INPUT RECORDS: Begin
(* If $\Gamma_G$ is population monotonic, then $G$ has no induced subgraph isomorphic to the cycle $C_4$.
   Context: $G=(V,E;w)$ is a finite simple graph with edge weights $w:E\to\mathbb{R}$, $w_e>0$ for all $e\in E$. The matching game on $G$ is the cooperative game $\Gamma_G=(N,\gamma)$ with player set $N=V$ and, for $S\subseteq N$, $\gamma(S)$ equal to the maximum weight of a matching in the induced subgraph $G[S]$ (so $\gamma(\emptyset)=0$). A population monotonic allocation scheme (PMAS) is a family $(\boldsymbol{x}_S)_{\emptyset\neq S\subseteq N}$ with $\boldsymbol{x}_S=(x_{S,i})_{i\in S}\in\mathbb{R}^S$ such that (efficiency) $\sum_{i\in S}x_{S,i}=\gamma(S)$ for every nonempty $S\subseteq N$, and (monotonicity) $x_{S,i}\le x_{T,i}$ whenever $\emptyset\ne S\subseteq T\subseteq N$ and $i\in S$. $\Gamma_G$ is called population monotonic if it admits a PMAS. *)

From mathcomp Require Import all_boot all_order all_algebra.
Set Implicit Arguments. Unset Strict Implicit. Unset Printing Implicit Defensive.
Import Order.TTheory GRing.Theory Num.Theory.
Local Open Scope ring_scope.

(* A finite simple graph on vertex type V: edge set E, a set of 2-element
   subsets of V.  Edge weights: w : {set V} -> R (only values on E matter). *)
Definition simple_graph (V : finType) (E : {set {set V}}) : Prop :=
  forall f, f \in E -> #|f| = 2%N.

Definition is_matching_in (V : finType) (E : {set {set V}}) (S : {set V})
  (M : {set {set V}}) : bool :=
  [&& M \subset E, [forall f in M, f \subset S] & trivIset M].

(* gamma(S) = maximum weight of a matching in G[S]
   (the empty matching gives 0, so the max with default 0 is exact). *)
Definition gamma (R : realFieldType) (V : finType) (E : {set {set V}})
  (w : {set V} -> R) (S : {set V}) : R :=
  \big[Num.max/0]_(M : {set {set V}} | is_matching_in E S M) \sum_(f in M) w f.

(* Population monotonic allocation scheme: x S i is the payoff of i in S. *)
Definition is_PMAS (R : realFieldType) (V : finType) (E : {set {set V}})
  (w : {set V} -> R) (x : {set V} -> V -> R) : Prop :=
  (forall S : {set V}, S != set0 -> \sum_(i in S) x S i = gamma E w S) /\
  (forall (S T : {set V}) (i : V), S != set0 -> S \subset T -> i \in S ->
      x S i <= x T i).

Definition population_monotonic (R : realFieldType) (V : finType)
  (E : {set {set V}}) (w : {set V} -> R) : Prop :=
  exists x : {set V} -> V -> R, is_PMAS E w x.

Definition has_induced_C4 (V : finType) (E : {set {set V}}) : Prop :=
  exists a b c d : V,
    uniq [:: a; b; c; d] /\
    [set a; b] \in E /\ [set b; c] \in E /\ [set c; d] \in E /\ [set d; a] \in E /\
    [set a; c] \notin E /\ [set b; d] \notin E.

From mathcomp Require Import all_boot all_order all_algebra.
From mathcomp Require Import lra.
Set Implicit Arguments. Unset Strict Implicit. Unset Printing Implicit Defensive.
Import Order.TTheory GRing.Theory Num.Theory.
Local Open Scope ring_scope.

(* Let a-b-c-d-a be an induced 4-cycle and let bc be an edge of the cycle whose
   weight is not larger than the weights of its two neighbours ab and cd (an
   edge of minimal weight on the cycle will do).  In the induced path a-b-c the
   edges ab and bc meet at b and ac is not an edge, so every matching of
   G[{a,b,c}] has at most one edge and gamma({a,b,c}) <= w(ab).  By efficiency
   and monotonicity, a and b already collect w(ab) <= gamma({a,b}) inside
   {a,b,c}, hence x_{abc}(c) <= 0 and so x_{bc}(c) <= 0.  The symmetric
   argument on the path d-c-b gives x_{bc}(b) <= 0, contradicting
   x_{bc}(b) + x_{bc}(c) = gamma({b,c}) >= w(bc) > 0. *)

Lemma cyclic_local_min (R : realDomainType) (p q r s : R) :
  [\/ p <= s /\ p <= q, q <= p /\ q <= r, r <= q /\ r <= s | s <= r /\ s <= p].
Proof.
case/orP: (le_total p r) => [pr|rp]; case/orP: (le_total q s) => [qs|sq].
- by case/orP: (le_total p q) => ?; [apply: Or41 | apply: Or42]; lra.
- by case/orP: (le_total p s) => ?; [apply: Or41 | apply: Or44]; lra.
- by case/orP: (le_total r q) => ?; [apply: Or43 | apply: Or42]; lra.
- by case/orP: (le_total r s) => ?; [apply: Or43 | apply: Or44]; lra.
Qed.

Section MatchingGame.
Variables (R : realFieldType) (V : finType) (E : {set {set V}}) (w : {set V} -> R).

Lemma set2_neq0 (u v : V) : [set u; v] != set0.
Proof. by apply/set0Pn; exists u; rewrite setU11. Qed.

Lemma sum_set2 (F : V -> R) (a b : V) :
  a != b -> \sum_(i in [set a; b]) F i = F a + F b.
Proof. by move=> ab; rewrite big_setU1 ?inE // big_set1. Qed.

Lemma sum_set3 (F : V -> R) (a b c : V) : a != b -> b != c -> a != c ->
  \sum_(i in [set a; b; c]) F i = F a + F b + F c.
Proof.
move=> ab bc ac; rewrite -setUA big_setU1 /= ?sum_set2 ?addrA //.
by rewrite !inE negb_or ab ac.
Qed.

Lemma edge_le_gamma (S e : {set V}) : e \in E -> e \subset S -> w e <= gamma E w S.
Proof.
move=> eE eS; rewrite -(big_set1 GRing.add e w); apply: le_bigmax_cond.
apply/and3P; split; first by rewrite sub1set.
  by apply/forall_inP => f; rewrite inE => /eqP->.
exact: trivIset1.
Qed.

Lemma gamma_le (S : {set V}) (B : R) : 0 <= B ->
  (forall M, is_matching_in E S M -> \sum_(f in M) w f <= B) -> gamma E w S <= B.
Proof. exact: bigmax_le. Qed.

Lemma gamma_ge0 (S : {set V}) : 0 <= gamma E w S.
Proof.
rewrite -(big_set0 0 +%R w); apply: le_bigmax_cond.
apply/and3P; split; first exact: sub0set.
  by apply/forall_inP => f; rewrite inE.
by apply/trivIsetP => f; rewrite inE.
Qed.

Lemma weight_sub1 (M : {set {set V}}) (e : {set V}) :
  M \subset [set e] -> \sum_(f in M) w f <= Num.max 0 (w e).
Proof.
by rewrite subset1 => /orP[]/eqP->; rewrite ?big_set1 ?big_set0 le_max lexx ?orbT.
Qed.

Hypothesis simple : simple_graph E.

Lemma edge_in_path3 (a b c : V) (f : {set V}) :
  f \in E -> f \subset [set a; b; c] -> [set a; c] \notin E ->
  f = [set a; b] \/ f = [set b; c].
Proof.
move=> fE fsub acE.
have /cards2P [x [y [xy fxy]]] : #|f| == 2%N by rewrite simple.
move: fE fsub; rewrite fxy => xyE /subsetP xysub.
have inabc z : z \in [set x; y] -> [|| z == a, z == b | z == c].
  by move=> /xysub; rewrite !inE -orbA.
case/or3P: (inabc x (setU11 _ _)) => /eqP xe;
case/or3P: (inabc y (setU1r _ (set11 _))) => /eqP ye; subst x y.
all: try by rewrite eqxx in xy.
all: by [left | right | left; rewrite setUC | right; rewrite setUC
        | rewrite xyE in acE | rewrite setUC xyE in acE].
Qed.

Lemma matching_in_path3 (a b c : V) (M : {set {set V}}) :
  [set a; c] \notin E -> is_matching_in E [set a; b; c] M ->
  M \subset [set [set a; b]] \/ M \subset [set [set b; c]].
Proof.
move=> acE /and3P[/subsetP ME /forall_inP Msub /trivIsetP Mdisj].
have Medge f : f \in M -> f = [set a; b] \/ f = [set b; c].
  by move=> fM; apply: edge_in_path3 => //; [apply: ME | apply: Msub].
have [bcM | bcM] := boolP ([set b; c] \in M); [right | left];
  apply/subsetP => f fM; rewrite inE; case: (Medge f fM) => fe; rewrite fe ?eqxx //.
- case: (eqVneq [set a; b] [set b; c]) => // ne.
  have := Mdisj _ _ fM bcM; rewrite fe ne => /(_ isT).
  by move=> /disjointFr/(_ (setU1r _ (set11 b))); rewrite setU11.
- by rewrite -fe fM in bcM.
Qed.

Lemma gamma_path3 (a b c : V) : [set a; c] \notin E ->
  gamma E w [set a; b; c] <= Num.max 0 (Num.max (w [set a; b]) (w [set b; c])).
Proof.
move=> acE; apply: gamma_le => [|M /(matching_in_path3 acE)].
  by rewrite le_max lexx.
by case=> /weight_sub1/le_trans; apply; rewrite ge_max !le_max !lexx ?orbT.
Qed.

Lemma gamma_path3_le_edge (a b c : V) :
  [set a; b] \in E -> [set a; c] \notin E -> w [set b; c] <= w [set a; b] ->
  gamma E w [set a; b; c] <= gamma E w [set a; b].
Proof.
move=> abE acE wle; apply: le_trans (gamma_path3 b acE) _; rewrite (max_l wle).
by rewrite ge_max gamma_ge0 edge_le_gamma.
Qed.

Variable x : {set V} -> V -> R.
Hypothesis pmas : is_PMAS E w x.

(* In an induced path a-b-c whose edge bc is not heavier than ab, the pair
   a,b already claims all of gamma({a,b,c}), so c gets a nonpositive share
   in {a,b,c} and hence, by monotonicity, in {b,c}. *)
Lemma pmas_light_edge_nonpos (a b c : V) : a != b -> b != c -> a != c ->
  [set a; b] \in E -> [set a; c] \notin E -> w [set b; c] <= w [set a; b] ->
  x [set b; c] c <= 0.
Proof.
move: pmas => [eff mono] ab bc ac abE acE wle.
set T := [set a; b; c].
have abT : [set a; b] \subset T by rewrite /T subsetUl.
have bcT : [set b; c] \subset T by rewrite /T -setUA subsetUr.
have Ta : x [set a; b] a <= x T a by apply: mono (set2_neq0 a b) abT (set21 _ _).
have Tb : x [set a; b] b <= x T b by apply: mono (set2_neq0 a b) abT (set22 _ _).
have Tc : x [set b; c] c <= x T c by apply: mono (set2_neq0 b c) bcT (set22 _ _).
have effT : x T a + x T b + x T c = gamma E w T.
  by rewrite -sum_set3 // eff //; apply/set0Pn; exists a; rewrite !inE eqxx.
have effab := eff _ (set2_neq0 a b); rewrite sum_set2 // in effab.
have := gamma_path3_le_edge abE acE wle; lra.
Qed.

Lemma pmas_path4_light_edge (a b c d : V) :
  a != b -> b != c -> a != c -> c != d -> b != d ->
  [set a; b] \in E -> [set b; c] \in E -> [set c; d] \in E ->
  [set a; c] \notin E -> [set b; d] \notin E ->
  w [set b; c] <= w [set a; b] -> w [set b; c] <= w [set c; d] ->
  w [set b; c] <= 0.
Proof.
move=> ab bc ac cd bd abE bcE cdE acE bdE wab wcd.
have xc := pmas_light_edge_nonpos ab bc ac abE acE wab.
have xb : x [set c; b] b <= 0.
  apply: (pmas_light_edge_nonpos (a := d)); rewrite 1?eq_sym // ?(setUC [set d]) //.
  by rewrite setUC.
have effbc := pmas.1 _ (set2_neq0 b c); rewrite sum_set2 // in effbc.
rewrite setUC in xb.
have := edge_le_gamma bcE (subxx _); lra.
Qed.

Definition induced_C4 (a b c d : V) : Prop :=
  uniq [:: a; b; c; d] /\
  [set a; b] \in E /\ [set b; c] \in E /\ [set c; d] \in E /\ [set d; a] \in E /\
  [set a; c] \notin E /\ [set b; d] \notin E.

Lemma induced_C4_rot (a b c d : V) : induced_C4 a b c d -> induced_C4 b c d a.
Proof.
case=> uniq_abcd [abE [bcE [cdE [daE [acE bdE]]]]].
do !split => //; last by rewrite setUC.
by rewrite -(rot_uniq 1) in uniq_abcd.
Qed.

Hypothesis w_pos : forall f, f \in E -> 0 < w f.

Lemma no_light_C4_edge (a b c d : V) : induced_C4 a b c d ->
  w [set b; c] <= w [set a; b] -> w [set b; c] <= w [set c; d] -> False.
Proof.
case=> + [abE [bcE [cdE [_ [acE bdE]]]]] wab wcd.
rewrite /= !inE !negb_or => /and4P [/and3P [ab ac _] /andP [bc bd] cd _].
have := pmas_path4_light_edge ab bc ac cd bd abE bcE cdE acE bdE wab wcd.
by rewrite leNgt w_pos.
Qed.

End MatchingGame.

Theorem mainTheorem8 (R : realFieldType) (V : finType) (E : {set {set V}})
  (w : {set V} -> R) :
  simple_graph E ->
  (forall f, f \in E -> 0 < w f) ->
  population_monotonic E w ->
  ~ has_induced_C4 E.
Proof.
move=> simple w_pos [x pmas] [a [b [c [d C4a]]]].
have C4b := induced_C4_rot C4a; have C4c := induced_C4_rot C4b.
have C4d := induced_C4_rot C4c.
have no_light := no_light_C4_edge simple pmas w_pos.
have [[l r]|[l r]|[l r]|[l r]] :=
  cyclic_local_min (w [set b; c]) (w [set c; d]) (w [set d; a]) (w [set a; b]).
- exact: no_light C4a l r.
- exact: no_light C4b l r.
- exact: no_light C4c l r.
- exact: no_light C4d l r.
Qed.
INPUT RECORDS: End
Work through the entries, filtering for the string "left", and copy each line that holds it.

all: by [left | right | left; rewrite setUC | right; rewrite setUC
have [bcM | bcM] := boolP ([set b; c] \in M); [right | left];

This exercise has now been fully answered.